#Is there any colab notebook for inferencing unsloth model using vllm
32 messages · Page 1 of 1 (latest)
yes
well i used it with aphrodite
but
same stuff
vllm has example notebooks are they not working
Thank you! Would you mind point me to the link? They have a code. I tried it but does not work with Unsloth fine tune. Will share it later what I used.
its the same one you found, the official vllm notebook
and all models should work with it
if it doesnt you might've exported it wrong
whats the error?
Here is the colab
https://colab.research.google.com/drive/1C4j9ZmfTV83MbE7LnNWmlQiA5euKFjAp?usp=sharing
The error is
OSError: libnvidia-ml.so.1: cannot open shared object file: No such file or directory
During handling of the above exception, another exception occurred:
NVMLError_LibraryNotFound Traceback (most recent call last)

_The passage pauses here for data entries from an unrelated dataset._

(* Let $\mathcal{T}$ be a $\operatorname{Hom}$-finite Krull–Schmidt triangulated category over an algebraically closed field, $\mathcal{I}$ a functorially finite ideal, and $X\xrightarrow{f}Y\xrightarrow{g}Z\xrightarrow{h}X[1]$ a triangle. Then (1) $g$ is a right $\mathcal{I}$-approximation (resp. an $\mathcal{I}$-sink map) if and only if $h$ is a left $\mathrm{Gh}_{\mathcal{I}}$-approximation (resp. a $\mathrm{Gh}_{\mathcal{I}}$-source map); (2) $f$ is a left $\mathcal{I}$-approximation (resp. an $\mathcal{I}$-source map) if and only if $h$ is a right $\mathrm{CoGh}_{\mathcal{I}[1]}$-approximation (resp. a $\mathrm{CoGh}_{\mathcal{I}[1]}$-sink map).
   Context: Composition of $f:X\to Y$, $g:Y\to Z$ is $gf$. An ideal: subgroups $\mathcal{I}(X,Y)\subseteq\operatorname{Hom}(X,Y)$ closed under composition. $\mathcal{I}[1]=\{f[1]:f\in\mathcal{I}\}$. $\mathrm{Gh}_{\mathcal{I}}=\{f: fi=0\ \forall\text{ composable } i\in\mathcal{I}\}$, $\mathrm{CoGh}_{\mathcal{I}}=\{f: if=0\ \forall\text{ composable } i\in\mathcal{I}\}$. For an ideal $\mathcal{A}$, a left (resp. right) $\mathcal{A}$-approximation of $T$ is a morphism in $\mathcal{A}$ starting (resp. ending) at $T$ through which all morphisms of $\mathcal{A}$ starting (resp. ending) at $T$ factor; $\mathcal{A}$ is functorially finite if all objects have both. An $\mathcal{A}$-source (resp. $\mathcal{A}$-sink) map is a left minimal left (resp. right minimal right) $\mathcal{A}$-approximation; $f$ is left minimal if $gf=f$ forces $g$ invertible, right minimal if $fg=f$ forces $g$ invertible. *)

From HB Require Import structures.
From mathcomp Require Import all_boot all_algebra.
Set Implicit Arguments. Unset Strict Implicit. Unset Printing Implicit Defensive.
Import GRing.Theory.
Local Open Scope ring_scope.

(* Composition is written as in the paper: [cmp g f] = gf (first f, then g). *)
Record LinCat (k : fieldType) := {
  Obj :> Type;
  Mor : Obj -> Obj -> vectType k;
  idm : forall X, Mor X X;
  cmp : forall X Y Z, Mor Y Z -> Mor X Y -> Mor X Z;
  cmpA : forall X Y Z W (h : Mor Z W) (g : Mor Y Z) (f : Mor X Y),
      cmp h (cmp g f) = cmp (cmp h g) f;
  cmp1l : forall X Y (f : Mor X Y), cmp (idm Y) f = f;
  cmp1r : forall X Y (f : Mor X Y), cmp f (idm X) = f;
  cmp_linl : forall X Y Z (f : Mor X Y) (a : k) (g1 g2 : Mor Y Z),
      cmp (a *: g1 + g2) f = a *: cmp g1 f + cmp g2 f;
  cmp_linr : forall X Y Z (g : Mor Y Z) (a : k) (f1 f2 : Mor X Y),
      cmp g (a *: f1 + f2) = a *: cmp g f1 + cmp g f2
}.
Arguments Mor {k} C X Y : rename.
Arguments idm {k C} X : rename.
Arguments cmp {k C X Y Z} g f : rename.

Section Basic.
Variables (k : fieldType) (C : LinCat k).

Definition is_iso (X Y : C) (f : Mor C X Y) : Prop :=
  exists g : Mor C Y X, cmp g f = idm X /\ cmp f g = idm Y.

Definition local_obj (X : C) : Prop :=
  idm X != 0 /\ forall e : Mor C X X, is_iso e \/ is_iso (idm X - e).

Definition ks_decomposable (X : C) : Prop :=
  exists (n : nat) (Xs : 'I_n -> C)
         (inj : forall i, Mor C (Xs i) X) (prj : forall i, Mor C X (Xs i)),
    [/\ forall i, cmp (prj i) (inj i) = idm (Xs i),
        forall i j, i != j -> cmp (prj i) (inj j) = 0,
        \sum_(i < n) cmp (inj i) (prj i) = idm X
      & forall i, local_obj (Xs i)].

Definition additive : Prop :=
  (exists O : C, idm O = 0) /\
  forall X1 X2 : C, exists (S : C) (i1 : Mor C X1 S) (i2 : Mor C X2 S)
                           (p1 : Mor C S X1) (p2 : Mor C S X2),
    [/\ cmp p1 i1 = idm X1, cmp p2 i2 = idm X2, cmp p2 i1 = 0, cmp p1 i2 = 0
      & cmp i1 p1 + cmp i2 p2 = idm S].

Definition krull_schmidt : Prop := forall X : C, ks_decomposable X.
End Basic.

Record TriStruct (k : fieldType) (C : LinCat k) := {
  sh : C -> C;
  shm : forall X Y : C, Mor C X Y -> Mor C (sh X) (sh Y);
  shm_lin : forall X Y (a : k) (f g : Mor C X Y),
      shm (a *: f + g) = a *: shm f + shm g;
  shm_id : forall X, shm (idm X) = idm (sh X);
  shm_cmp : forall X Y Z (g : Mor C Y Z) (f : Mor C X Y),
      shm (cmp g f) = cmp (shm g) (shm f);
  shm_bij : forall X Y, bijective (@shm X Y);
  sh_esurj : forall Y : C, exists (X : C) (u : Mor C (sh X) Y), is_iso u;
  dist : forall X Y Z : C, Mor C X Y -> Mor C Y Z -> Mor C Z (sh X) -> Prop;
  TR1_iso : forall X Y Z (f : Mor C X Y) (g : Mor C Y Z) (h : Mor C Z (sh X))
      X' Y' Z' (f' : Mor C X' Y') (g' : Mor C Y' Z') (h' : Mor C Z' (sh X'))
      (a : Mor C X X') (b : Mor C Y Y') (c : Mor C Z Z'),
      dist f g h -> is_iso a -> is_iso b -> is_iso c ->
      cmp f' a = cmp b f -> cmp g' b = cmp c g -> cmp h' c = cmp (shm a) h ->
      dist f' g' h';
  TR1_id : forall (X O : C), idm O = 0 ->
      dist (idm X) (0 : Mor C X O) (0 : Mor C O (sh X));
  TR1_ext : forall X Y (f : Mor C X Y),
      exists (Z : C) (g : Mor C Y Z) (h : Mor C Z (sh X)), dist f g h;
  TR2 : forall X Y Z (f : Mor C X Y) (g : Mor C Y Z) (h : Mor C Z (sh X)),
      dist f g h <-> dist g h (- shm f);
  TR3 : forall X Y Z (f : Mor C X Y) (g : Mor C Y Z) (h : Mor C Z (sh X))
      X' Y' Z' (f' : Mor C X' Y') (g' : Mor C Y' Z') (h' : Mor C Z' (sh X'))
      (a : Mor C X X') (b : Mor C Y Y'),
      dist f g h -> dist f' g' h' -> cmp b f = cmp f' a ->
      exists c : Mor C Z Z', cmp c g = cmp g' b /\ cmp h' c = cmp (shm a) h;
  TR4 : forall X Y Z (f : Mor C X Y) (g : Mor C Y Z)
      Z' (u : Mor C Y Z') (u' : Mor C Z' (sh X))
      X' (v : Mor C Z X') (v' : Mor C X' (sh Y))
      Y' (w : Mor C Z Y') (w' : Mor C Y' (sh X)),
      dist f u u' -> dist g v v' -> dist (cmp g f) w w' ->
      exists (a : Mor C Z' Y') (b : Mor C Y' X'),
        [/\ dist a b (cmp (shm u) v'),
            cmp a u = cmp w g, cmp w' a = u',
            cmp b w = v & cmp v' b = cmp (shm f) w']
}.
Arguments sh {k C} T X : rename.
Arguments shm {k C} T {X Y} f : rename.
Arguments dist {k C} T {X Y Z} f g h : rename.

Section Ideals.
Variables (k : fieldType) (C : LinCat k).

Definition morclass := forall X Y : C, Mor C X Y -> Prop.

Definition ideal (I : morclass) : Prop :=
  [/\ forall X Y, I X Y 0,
      forall X Y (f g : Mor C X Y), I X Y f -> I X Y g -> I X Y (f - g),
      forall X Y Z (g : Mor C Y Z) (f : Mor C X Y), I X Y f -> I X Z (cmp g f)
    & forall X Y Z (g : Mor C Y Z) (f : Mor C X Y), I Y Z g -> I X Z (cmp g f)].

Definition Gh (I : morclass) : morclass := fun X Y f =>
  forall W (i : Mor C W X), I W X i -> cmp f i = 0.

Definition CoGh (I : morclass) : morclass := fun X Y f =>
  forall W (i : Mor C Y W), I Y W i -> cmp i f = 0.

Definition left_approx (A : morclass) (T B : C) (a : Mor C T B) : Prop :=
  A T B a /\ forall B' (a' : Mor C T B'), A T B' a' ->
    exists t : Mor C B B', a' = cmp t a.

/usr/local/lib/python3.10/dist-packages/pynvml.py in _nvmlCheckReturn(ret)
977 def _nvmlCheckReturn(ret):
978 if (ret != NVML_SUCCESS):
--> 979 raise NVMLError(ret)
980 return ret
981
NVMLError_LibraryNotFound: NVML Shared Library Not Found
does it work with other, convential models
@ember belfry oh my, I got error because I didn't set T4 as run time type, I was using CPU.
Now I got
/usr/local/lib/python3.10/dist-packages/vllm/config.py in verify_with_scheduler_config(self, scheduler_config)
1345 def verify_with_scheduler_config(self, scheduler_config: SchedulerConfig):
1346 if scheduler_config.max_num_batched_tokens > 65528:
-> 1347 raise ValueError(
1348 "Due to limitations of the custom LoRA CUDA kernel, "
1349 "max_num_batched_tokens must be <= 65528 when "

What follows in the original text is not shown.